**Source data**
(* Let $A=(a_{ij}), B=(b_{ij})\in\mathbb{R}^{n\times n}_+$ be extended Leslie matrices, i.e. entrywise nonnegative matrices whose only possibly nonzero entries are those in the first row, the subdiagonal entries $(i,i-1)$ for $2\le i\le n$, and the $(n,n)$ entry. Define $m_{i,i-1}=\max\{a_{i,i-1},b_{i,i-1}\}$ for $2\le i\le n$ and $m_{nn}=\max\{a_{nn},b_{nn}\}$. Let $S_1$ be the matrix whose first row equals the first row of $A$, whose $(i,i-1)$ entries are $m_{i,i-1}$ for $2\le i\le n$, whose $(n,n)$ entry is $m_{nn}$, and all other entries zero; let $S_2$ be defined identically but with first row equal to the first row of $B$. Assume $S_1$ and $S_2$ are both Schur-stable. Let $\mathcal{L}_{A,B}$ be the set of entrywise nonnegative matrices $D\in\mathbb{R}^{n\times n}$ whose only possibly nonzero entries are the subdiagonal entries $d_{i,i-1}$ ($2\le i\le n$) and the entry $d_{nn}$, and such that $A-D\ge 0$ and $B-D\ge 0$ entrywise. Then for every $D\in\mathcal{L}_{A,B}$ the matrix $$M=\begin{pmatrix} A-D & D\\ D & B-D\end{pmatrix}$$ is Schur-stable.
   Context: A real square matrix is Schur-stable if its spectral radius is strictly less than $1$. $\mathbb{R}^{n\times n}_+$ denotes the set of entrywise nonnegative $n\times n$ real matrices; inequalities between matrices are entrywise. *)

From HB Require Import structures.
From mathcomp Require Import all_boot all_order all_algebra.
From mathcomp Require Import complex.
From mathcomp Require Import reals.
Set Implicit Arguments. Unset Strict Implicit. Unset Printing Implicit Defensive.
Import Order.TTheory GRing.Theory Num.Theory.
Local Open Scope ring_scope.
Local Open Scope complex_scope.

(* Indices are 0-based: paper row i (1..n) is ordinal i-1. *)

Definition nonneg_mx (R : realType) m n (A : 'M[R]_(m, n)) : Prop :=
  forall i j, 0 <= A i j.

Definition ext_leslie_pos n (i j : 'I_n) : bool :=
  [|| (i == 0 :> nat), (i == j.+1 :> nat) | ((i == n.-1 :> nat) && (j == n.-1 :> nat))].

Definition ext_leslie (R : realType) n (A : 'M[R]_n) : Prop :=
  nonneg_mx A /\ forall i j, ~~ ext_leslie_pos i j -> A i j = 0.

Definition subdiag_nn_pos n (i j : 'I_n) : bool :=
  (i == j.+1 :> nat) || ((i == n.-1 :> nat) && (j == n.-1 :> nat)).

Definition S_mx (R : realType) n (F A B : 'M[R]_n) : 'M[R]_n :=
  \matrix_(i, j)
    if (i == n.-1 :> nat) && (j == n.-1 :> nat) then Num.max (A i j) (B i j)
    else if (i == 0 :> nat) then F i j
    else if (i == j.+1 :> nat) then Num.max (A i j) (B i j)
    else 0.

Definition L_AB (R : realType) n (A B D : 'M[R]_n) : Prop :=
  nonneg_mx D /\ (forall i j, ~~ subdiag_nn_pos i j -> D i j = 0) /\
  nonneg_mx (A - D) /\ nonneg_mx (B - D).

Definition schur_stable (R : realType) n (A : 'M[R]_n) : Prop :=
  forall lam : R[i], eigenvalue (map_mx (fun x : R => x%:C) A) lam -> `|lam| < 1.

(* S_1 and S_2 dominate A and B entrywise, and they are Leslie matrices with
   the same subdiagonal s and corner q, differing only in their first rows f.
   For such a nonnegative Leslie matrix L_f, Schur stability forces q < 1 and
   euler_lotka f 1 < 1: otherwise the polynomial obtained from the
   Euler-Lotka equation has a real root lam >= 1 by the intermediate value
   theorem, and the Euler-Lotka vector is an eigenvector for lam (if
   f_m l_m = 0, q itself is an eigenvalue).  Given these two inequalities
   for both first rows, a small perturbation z of the Euler-Lotka vector at 1
   satisfies L_f z < z entrywise for both of them at once.
   Then M (z; z) = (A z; B z) <= (S_1 z; S_2 z) < (z; z), and a nonnegative
   matrix with a nonnegative strictly subinvariant vector has spectral radius
   less than 1. *)
From HB Require Import structures.
From mathcomp Require Import all_boot all_order all_algebra.
From mathcomp Require Import complex.
From mathcomp Require Import reals.
From mathcomp Require Import zify ring lra.
Set Implicit Arguments. Unset Strict Implicit. Unset Printing Implicit Defensive.
Import Order.TTheory GRing.Theory Num.Theory.
Local Open Scope ring_scope.
Local Open Scope complex_scope.

Lemma eigenvalue_trmx (F : fieldType) n (A : 'M[F]_n) a :
  eigenvalue A^T a = eigenvalue A a.
Proof.
rewrite !eigenvalue_root_char /char_poly -det_tr; congr (root (\det _) a).
by apply/matrixP => i j; rewrite !mxE eq_sym.
Qed.

Lemma eigenvalue_col (F : fieldType) n (A : 'M[F]_n) a (x : 'cV_n) :
  x != 0 -> A *m x = a *: x -> eigenvalue A a.
Proof.
move=> x_neq0 Ax; rewrite -eigenvalue_trmx; apply/eigenvalueP; exists x^T.
  by rewrite -trmx_mul Ax linearZ.
by rewrite trmx_eq0.
Qed.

**Work to complete**
Please make an exact copy of the lines above from the line with "forall i j, 0 <= A i j." through the line with "Definition subdiag_nn_pos n", both ends included.

**Answer**
  forall i j, 0 <= A i j.

Definition ext_leslie_pos n (i j : 'I_n) : bool :=
  [|| (i == 0 :> nat), (i == j.+1 :> nat) | ((i == n.-1 :> nat) && (j == n.-1 :> nat))].

Definition ext_leslie (R : realType) n (A : 'M[R]_n) : Prop :=
  nonneg_mx A /\ forall i j, ~~ ext_leslie_pos i j -> A i j = 0.

Definition subdiag_nn_pos n (i j : 'I_n) : bool :=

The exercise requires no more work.